▶ [Information supplied]

###

(* Let $p$ be a prime and $n \geq 2$. Let $N$ be the cyclic group of order $p^n$, let $K$ be the Sylow $p$-subgroup of $\mathrm{Aut}(N)$, and let $G := N \rtimes K$ (with the natural action). Then $|G:G'| = p^n$, and $|\gamma_i(G):\gamma_{i+1}(G)| = p$ for every $i = 2,\dots,n$.
   Context: $G'$ is the commutator subgroup of $G$, and $\gamma_i(G)$ denotes the $i$-th term of the lower central series, with $\gamma_1(G)=G$ and $\gamma_{i+1}(G)=[\gamma_i(G),G]$. *)

From mathcomp Require Import all_boot all_fingroup all_solvable.
Set Implicit Arguments. Unset Strict Implicit. Unset Printing Implicit Defensive.

From mathcomp Require Import all_boot all_fingroup all_solvable.
From mathcomp Require Import zify.
Set Implicit Arguments. Unset Strict Implicit. Unset Printing Implicit Defensive.
Local Open Scope group_scope.

(* Faithfulness makes K isomorphic to a Sylow subgroup of the abelian group
   Aut N, so K is abelian of order p^(n-1), G is a p-group and G' = [N, G].
   For a generator x of N the map k |-> [x, k] is injective on K, so some
   [x, k] has order at least p^(n-1); as z |-> [z, k] is an endomorphism of
   the abelian group N with kernel C_N(k), that kernel has order at most p.
   This endomorphism maps every G-invariant H <= N into [H, G], so
   |H : [H, G]| <= p, while [H, G] < H for H <> 1 by nilpotency: each step
   down the lower central series from [N, G] = G' has index exactly p. *)

Lemma card_Sylow_Aut_cyclic (gT : finGroupType) p n (N : {group gT})
    (P : {group {perm gT}}) :
  prime p -> cyclic N -> #|N| = (p ^ n.+1)%N -> p.-Sylow(Aut N) P ->
  #|P| = (p ^ n)%N.
Proof.
move=> pr_p cycN oN sylP.
have p_gt0 := prime_gt0 pr_p; have p_gt1 := prime_gt1 pr_p.
rewrite (card_Hall sylP) card_Aut_cyclic // oN totient_pfactor //=.
rewrite partnM ?expn_gt0 ?p_gt0 -?subn1 ?subn_gt0 //.
rewrite [X in (_ * X)%N]part_pnat_id ?pnatX ?pnat_id //.
rewrite part_p'nat ?mul1n // p'natE ?subn_gt0 //.
by apply/negP => /dvdn_leq; rewrite subn_gt0 => /(_ p_gt1); lia.
Qed.

Lemma isog_conj_aut (gT : finGroupType) (N K : {group gT}) (nNK : K \subset 'N(N)) :
  'C_K(N) = 1 -> K \isog conj_aut N @* K.
Proof.
move=> tiKcN; apply/isogP; exists (restrm nNK (conj_aut N)).
  by rewrite ker_restrm ker_conj_aut tiKcN.
by rewrite morphim_restrm setIid.
Qed.

Lemma der1_normal_mul_abelian (gT : finGroupType) (G N K : {group gT}) :
  N <| G -> N * K = G -> abelian K -> G^`(1) = [~: N, G].
Proof.
move=> nsNG defG abK; have [sNG nNG] := andP nsNG.
have sKG : K \subset G by rewrite -defG mulG_subr.
apply/eqP; rewrite eqEsubset [X in _ && X]commgSS // andbT.
have nMG : G \subset 'N([~: N, G]) by rewrite normsR.
apply: der1_min => //.
have cNGq : N / [~: N, G] \subset 'C(G / [~: N, G]) by rewrite quotient_cents2r.
have -> : G / [~: N, G] = N / [~: N, G] * (K / [~: N, G]).
  by rewrite -quotientMl ?defG ?(subset_trans sNG).
rewrite abelianM (quotient_abelian _ abK) centsC /abelian.
by rewrite !(subset_trans cNGq) ?centS ?quotientS.
Qed.

Lemma memR_norm (gT : finGroupType) (A : {group gT}) x k :
  x \in A -> k \in 'N(A) -> [~ x, k] \in A.
Proof. by move=> xA nAk; rewrite groupM ?groupV ?memJ_norm. Qed.

Section CommutatorMorphism.

Variables (gT : finGroupType) (A : {group gT}) (k : gT).
Hypotheses (abA : abelian A) (nAk : k \in 'N(A)).

Lemma commg_morphM : {in A &, {morph (fun z => [~ z, k]) : a b / a * b}}.
Proof.
move=> a b aA bA /=; rewrite commMgJ; congr (_ * _).
by apply/conjg_fixP/commgP; apply: (centsP abA); rewrite ?memR_norm.
Qed.

Definition commg_morphism := Morphism commg_morphM.

Lemma ker_commg_morphism : 'ker commg_morphism = 'C_A[k].
Proof. by apply/setP => z; rewrite 2!in_setI (sameP cent1P commgP) !inE. Qed.

Lemma card_subcent1_order_dvd x : x \in A -> #|'C_A[k]| * #[[~ x, k]] %| #|A|.
Proof.
move=> xA; have sCA : 'C_A[k] \subset A := subsetIl A _.
rewrite -(Lagrange sCA) dvdn_pmul2l //.
have -> : #|A : 'C_A[k]| = #|commg_morphism @* A|.
  by rewrite card_morphim setIid ker_commg_morphism.
exact: order_dvdG (mem_morphim commg_morphism xA xA).
Qed.

Lemma card_subcent1_le p n x :
  prime p -> #|A| = (p ^ n.+2)%N -> x \in A -> ~~ (#[[~ x, k]] %| p ^ n) ->
  #|'C_A[k]| <= p.
Proof.
move=> pr_p oA xA ndvd.
have dvd := card_subcent1_order_dvd xA; rewrite oA in dvd.
have [e le_e oR] := dvdn_pfactor _ _ pr_p (dvdn_trans (dvdn_mull _ (dvdnn _)) dvd).
rewrite oR dvdn_Pexp2l ?prime_gt1 // -ltnNge in ndvd.
rewrite oR -(subnK le_e) expnD dvdn_pmul2r ?expn_gt0 ?prime_gt0 // in dvd.
apply: dvdn_leq (prime_gt0 pr_p) (dvdn_trans dvd _).
by rewrite -{2}(expn1 p) dvdn_exp2l //; lia.
Qed.

End CommutatorMorphism.

Lemma card_Ldiv_cyclic (gT : finGroupType) (G : {group gT}) d :
  cyclic G -> 0 < d -> #|'Ldiv_d(G)| <= d.
Proof.
move=> cycG d_gt0; pose L := Group (group_Ldiv d (cyclic_abelian cycG)).
have sLG : L \subset G by apply/subsetP => y /LdivP[].
rewrite -[#|_|]/#|L| -(exponent_cyclic (cyclicS sLG cycG)) dvdn_leq //.
by apply/exponentP => y /LdivP[].
Qed.

Lemma commg_cent_inj (gT : finGroupType) (x : gT) (K : {group gT}) :
  'C_K(<[x]>) = 1 -> {in K &, injective (fun k => [~ x, k])}.
Proof.
move=> tiKcx k l kK lK /= /mulgI xkl.
have : k * l^-1 \in 'C_K(<[x]>).
  rewrite inE groupM ?groupV // cent_cycle.
  apply/cent1P/commute_sym/commgP/conjg_fixP.
  by rewrite conjgM xkl conjgK.
by rewrite tiKcx => /set1gP/eqP; rewrite -eq_mulgV1 => /eqP.
Qed.

Lemma exists_commg_ndvd (gT : finGroupType) (x : gT) (K : {group gT}) d :
    K \subset 'N(<[x]>) -> 'C_K(<[x]>) = 1 -> 0 < d -> d < #|K| ->
  exists2 k, k \in K & ~~ (#[[~ x, k]] %| d).
Proof.
move=> nxK tiKcx d_gt0 lt_dK; apply/exists_inP; apply: contraLR lt_dK.
rewrite negb_exists_in -leqNgt => /forall_inP all_dvd.
rewrite -(card_in_imset (commg_cent_inj tiKcx)).
apply: leq_trans (card_Ldiv_cyclic (cycle_cyclic x) d_gt0).
apply/subset_leq_card/subsetP => _ /imsetP[k kK ->].
apply/LdivP; split; first by rewrite memR_norm ?cycle_id ?(subsetP nxK).
by apply/eqP; rewrite -order_dvdn -[_ %| _]negbK all_dvd.
Qed.

Lemma pnat_gt1_dvd (p m : nat) : p.-nat m -> 1 < m -> p %| m.
Proof.
move=> pm m_gt1; have /eqnP <- : pdiv m == p.
  by apply: pnatPpi pm _; rewrite pi_pdiv.
exact: pdiv_dvd.
Qed.

Section CommutatorSeries.

Variables (gT : finGroupType) (p : nat) (G A : {group gT}) (k : gT).
Hypotheses (pG : p.-group G) (nsAG : A <| G) (abA : abelian A) (kG : k \in G).

Hypothesis cAk_le_p : #|'C_A[k]| <= p.

Lemma indexg_commg_p (H : {group gT}) :
  H \subset A -> G \subset 'N(H) -> H :!=: 1 -> #|H : [~: H, G]| = p.
Proof.
move=> sHA nHG ntH.
pose f := commg_morphism abA (subsetP (normal_norm nsAG) k kG).
have sHG := subset_trans sHA (normal_sub nsAG).
have ltHG : [~: H, G] \proper H.
  by apply: nil_comm_properl (pgroup_nil pG) sHG ntH _; rewrite subsetI subxx.
have sRH := proper_sub ltHG.
apply/eqP; rewrite eqn_leq; apply/andP; split; last first.
  have pHR : p.-nat #|H : [~: H, G]|.
    exact: pnat_dvd (dvdn_indexg _ _) (pgroupS sHG pG).
  by rewrite dvdn_leq ?pnat_gt1_dvd ?indexg_gt1 //; case/andP: ltHG.
have sfH : f @* H \subset [~: H, G].
  by apply/subsetP => _ /morphimP[z _ zH ->]; apply: mem_commg.
have cardfH : #|f @* H| = #|H : 'C_H[k]|.
  rewrite card_morphim ker_commg_morphism (setIidPr sHA).
  by rewrite -indexgI setIA (setIidPl sHA).
have cHk_le_p : #|'C_H[k]| <= p.
  exact: leq_trans (subset_leq_card (setSI _ sHA)) cAk_le_p.
rewrite -(leq_pmul2l (cardG_gt0 [~: H, G])) Lagrange //.
rewrite -(Lagrange (subsetIl H 'C[k])).
by rewrite mulnC leq_mul // -cardfH subset_leq_card.
Qed.

Variable n : nat.
Hypotheses (pr_p : prime p) (oA : #|A| = (p ^ n)%N) (derG : G^`(1) = [~: A, G]).

Lemma lcn_sub_index j :
  j < n -> 'L_j.+2(G) \subset A /\ #|A : 'L_j.+2(G)| = (p ^ j.+1)%N.
Proof.
have nAG := normal_norm nsAG; have p_gt1 := prime_gt1 pr_p.
elim: j => [n_gt0 | j IHj lt_jn].
  rewrite lcn2 derG commg_subl nAG expn1; split=> //.
  by rewrite indexg_commg_p // trivg_card1 oA -(expn0 p) eqn_exp2l // -lt0n.
have [sLA iL] := IHj (ltnW lt_jn).
have ntL : 'L_j.+2(G) :!=: 1.
  apply: contraTneq lt_jn => L1; rewrite L1 indexg1 oA in iL.
  by move/eqP: iL; rewrite eqn_exp2l // => /eqP->; rewrite ltnn.
have sRL : [~: 'L_j.+2(G), G] \subset 'L_j.+2(G).
  by rewrite commg_subl normal_norm ?lcn_normal.
rewrite lcnSn; split; first exact: subset_trans sRL sLA.
rewrite -(Lagrange_index sLA sRL) iL indexg_commg_p ?expnSr //.
exact: normal_norm (lcn_normal _ _).
Qed.

Lemma lcn_factor_p i : 2 <= i <= n -> #|'L_i(G) : 'L_i.+1(G)| = p.
Proof.
case: i => [|[|j]] //= lt_jn.
have [sLA iL] := lcn_sub_index (ltnW lt_jn); have [_ iR] := lcn_sub_index lt_jn.
apply/eqP; rewrite -(eqn_pmul2l (_ : 0 < p ^ j.+1)) ?expn_gt0 ?prime_gt0 //.
by rewrite -{1}iL Lagrange_index ?lcn_subS // iR expnSr.
Qed.

End CommutatorSeries.

Theorem lemma2p7 (gT : finGroupType) (p n : nat) (G N K : {group gT}) :
  prime p -> 2 <= n ->
  cyclic N -> #|N| = (p ^ n)%N ->
  N ><| K = G ->
  'C_K(N) = 1 ->
  p.-Sylow(Aut N) (conj_aut N @* K) ->
  #|G : G^`(1)| = (p ^ n)%N /\
  (forall i : nat, 2 <= i <= n -> #|'L_i(G) : 'L_i.+1(G)| = p).
Proof.
move=> pr_p n_ge2 cycN oN sdG tiKcN sylK.
have [nsNG sKG defG nNK _] := sdprod_context sdG.
have isoK := isog_conj_aut nNK tiKcN.
have abK : abelian K.
  by rewrite (isog_abelian isoK) (abelianS (pHall_sub sylK)) ?Aut_cyclic_abelian.
have oK : #|K| = (p ^ n.-1)%N.
  rewrite (card_isog isoK) (card_Sylow_Aut_cyclic (n := n.-1) pr_p cycN _ sylK) //.
  by rewrite (ltn_predK n_ge2).
have pG : p.-group G by rewrite /pgroup -(sdprod_card sdG) oN oK pnatM !pnatX pnat_id.
have abN := cyclic_abelian cycN.
have derG := der1_normal_mul_abelian nsNG defG abK.
have [x defN] := cyclicP cycN.
have [k kK ndvd] : exists2 k, k \in K & ~~ (#[[~ x, k]] %| p ^ (n - 2)).
  apply: exists_commg_ndvd; rewrite -?defN ?expn_gt0 ?prime_gt0 //.
  by rewrite oK ltn_exp2l ?prime_gt1 //; lia.
have cNk_le_p : #|'C_N[k]| <= p.
  apply: (card_subcent1_le abN (subsetP nNK k kK) pr_p _ _ ndvd).
    by rewrite oN -addn2 subnK.
  by rewrite defN cycle_id.
have kG := subsetP sKG k kK.
have lcn_factor := lcn_factor_p pG nsNG abN kG cNk_le_p pr_p oN derG.
have lcn_index := lcn_sub_index pG nsNG abN kG cNk_le_p pr_p oN derG.
split=> [|i]; last exact: lcn_factor.
have [sLN iN] := lcn_index 0 (ltnW n_ge2).
rewrite -lcn2 -(Lagrange_index (normal_sub nsNG) sLN) -(index_sdprod sdG) oK iN.
by rewrite -expnSr (ltn_predK n_ge2).
Qed.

###

▶ [Task instructions]
When the line with "by apply/subsetP => _" is reached in the data above, begin copying, and stop after the line with "Variable n : nat."; copy each line exactly, both ends included.

▶ [Solved exercise]
  by apply/subsetP => _ /morphimP[z _ zH ->]; apply: mem_commg.
have cardfH : #|f @* H| = #|H : 'C_H[k]|.
  rewrite card_morphim ker_commg_morphism (setIidPr sHA).
  by rewrite -indexgI setIA (setIidPl sHA).
have cHk_le_p : #|'C_H[k]| <= p.
  exact: leq_trans (subset_leq_card (setSI _ sHA)) cAk_le_p.
rewrite -(leq_pmul2l (cardG_gt0 [~: H, G])) Lagrange //.
rewrite -(Lagrange (subsetIl H 'C[k])).
by rewrite mulnC leq_mul // -cardfH subset_leq_card.
Qed.

Variable n : nat.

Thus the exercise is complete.